American Jews have often seemed happier than we are British, with Brighton Beach and Yiddish snake and bagels (we used to call them beigels – the shtetl pronunciation). You had Woody Allen and Jackie Mason, we had Warren Mitchell (don’t ask). Stayed as Stein and Leibovitz, we quietly changed to Stone and Leigh.

But, thanks to Jeremy Corbyn and his cronies, British Jews started to mobilize.

 Jeremy Corbyn
Jeremy Corbyn Anthony Devlin / Getty Images

I have a friend in the media who puts it thus: "Jeremy Corbyn has made a lot of people who didn't feel very Jewish, Jewish again." Member of Parliament Margaret Hodge agrees. "I remember my dad trying to make me Jewish and failed," she said recently. “The local rabbi tried to make me Jewish and failed.

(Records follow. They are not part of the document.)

Lemma bracket_shifts_below zeta eta m a : fundamental zeta -> 0 < m ->
  olt a (wpow (OS eta)) -> bracket_shifts zeta (omuln (wpow eta) m) a.
Proof.
move=> Hz m_gt0; elim/(well_founded_ind olt_wf): a => a IH a_lt.
have IHlt b : olt b a -> bracket_shifts zeta (omuln (wpow eta) m) b.
  by move=> Hb; apply: IH Hb (olt_trans Hb a_lt).
case: (zero_succ_or_limit a) => [a0|[[b Eb]|Ha]].
- exact: bracket_shifts_zero.
- by apply: (bracket_shifts_succ Eb); apply: IHlt; rewrite Eb; apply: olt_Sa.
- have [a_neq0 _] := Ha.
  exact: bracket_shifts_limit Ha (hat_shift m_gt0 Hz a_neq0 a_lt) IHlt.
Qed.

Theorem lemma25 (zeta : bord -> nat -> bord) (alpha eta : bord) (m : nat) :
  fundamental zeta -> 0 < m ->
  (forall g, ell_is alpha g -> ole g eta) ->
  forall F : seq nat,
    bracket (Sch zeta alpha) (Sch zeta (omuln (wpow eta) m)) F <->
    Sch zeta (oadd (omuln (wpow eta) m) alpha) F.
Proof.
move=> Hz m_gt0 Hell F.
rewrite bracket_sbracketE; last exact: Sch_sorted.
exact: bracket_shifts_below Hz m_gt0 (ell_bound Hell) F.
Qed.
Variables (D : C -> Prop) (g1 g2 dg1 dg2 s : C -> C) (p : C -> C4).
Hypothesis HD : open D.
Hypothesis Hg1 : forall z, D z -> has_cderiv g1 z (dg1 z).
Hypothesis Hg2 : forall z, D z -> has_cderiv g2 z (dg2 z).
Hypothesis Hnz : forall z, D z -> (dg1 z * dg2 z)%C <> 0%C.
Hypothesis Hs2 : forall z, D z -> (s z * s z)%C = (dg1 z * dg2 z)%C.
Hypothesis Hp : forall z, D z -> has_cderiv4 p z (cscal4 (/ s z) (weier (g1 z) (g2 z))).

Definition surface (u v : R) : V4 := re4 (p (uv_to_C u v)).

Definition chart_domain (u v : R) : Prop := D (uv_to_C u v).

Definition conformal_factor (z : C) : R :=
  Cmod (/ s z) ^ 2 * ((Cmod (g1 z) ^ 2 + 1) * (Cmod (g2 z) ^ 2 + 1) / 4).

Lemma Cmod_inv_s_sq (z : C) : D z -> Cmod (/ s z) ^ 2 = / Cmod (dg1 z * dg2 z)%C.
Proof. intros Hz; exact (Cmod_inv_sq _ _ (Hs2 z Hz) (Hnz z Hz)). Qed.

Lemma inv_s_neq0 (z : C) : D z -> (/ s z)%C <> 0%C.
Proof.
  intros Hz Hk. pose proof (Cmod_inv_s_sq z Hz) as E.
  pose proof (proj1 (Cmod_gt_0 _) (Hnz z Hz)) as Hm.
  rewrite Hk, Cmod_0 in E. pose proof (Rinv_0_lt_compat _ Hm). nra.
Qed.

Lemma conformal_factor_pos (z : C) : D z -> 0 < conformal_factor z.
Proof.
  intros Hz. unfold conformal_factor.
  pose proof (proj1 (Cmod_gt_0 _) (inv_s_neq0 z Hz)).
  pose proof (pow2_ge_0 (Cmod (g1 z))); pose proof (pow2_ge_0 (Cmod (g2 z))).
  apply Rmult_lt_0_compat; [apply pow_lt; lra | nra].
Qed.

Lemma surface_partials (u v : R) :
  chart_domain u v ->
  pu surface u v = re4 (cscal4 (/ s (uv_to_C u v)) (weier (g1 (uv_to_C u v)) (g2 (uv_to_C u v)))) /\
  pv surface u v =
    re4 (cscal4 Ci (cscal4 (/ s (uv_to_C u v)) (weier (g1 (uv_to_C u v)) (g2 (uv_to_C u v))))).
Proof.
  intros Hz. destruct (is_derive4_uv _ _ _ _ (Hp _ Hz)) as (Hu & _ & Hv & _).
  split; [exact (pu_is_derive4 surface u v _ Hu) | exact (pv_is_derive4 surface u v _ Hv)].
Qed.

It took the leader of the Labor Party to do that. ”

Being Jewish, of course, she has no sense of irony.

At the end of last month, I wondered on Twitter whether others felt the same. "I had always felt Jewish, but British first," said @ Gilana25. “Now it’s Jewish first. Makes me a bit sad that it's come to this, but being Jewish is so enriching. ”

Laura Marcus, a charity worker friend told me: “I am fiercely pro-Israel now. Wasn't bothered before. ”

And I am among them. This past year I've been crazy for the Israeli Netflix shows "Shtisel" (about a Haredi family in Jerusalem) and "Fauda" (about undercover Israeli forces.) Not been to Israel since 1989, I want to return to the Start-up Nation, to sample the nightlife, the beaches and maybe even an Israeli soldier or two.

Newly single, I am enjoying an online flirtation with a Jewish novelist from Chicago I with on Twitter. I am proud of my Jewish surname (I haven't always been).

Right now I am listening to harmonious Simon and Garfunkel, which reminds me of guitars outside in the balmy air on a kibbutz in 1985. Until recently, me favorite musicians was the discordant Elvis Costello, who happens to support the BDS (Boycott, Divestment and Sanctions) movement.

As I am writing this, a message from a Jewish friend pops up on Twitter. you in shul on Friday? ”

The answer, most emphatically, is yes.

Miranda Levy is an online columnist for the UK's Daily Telegraph.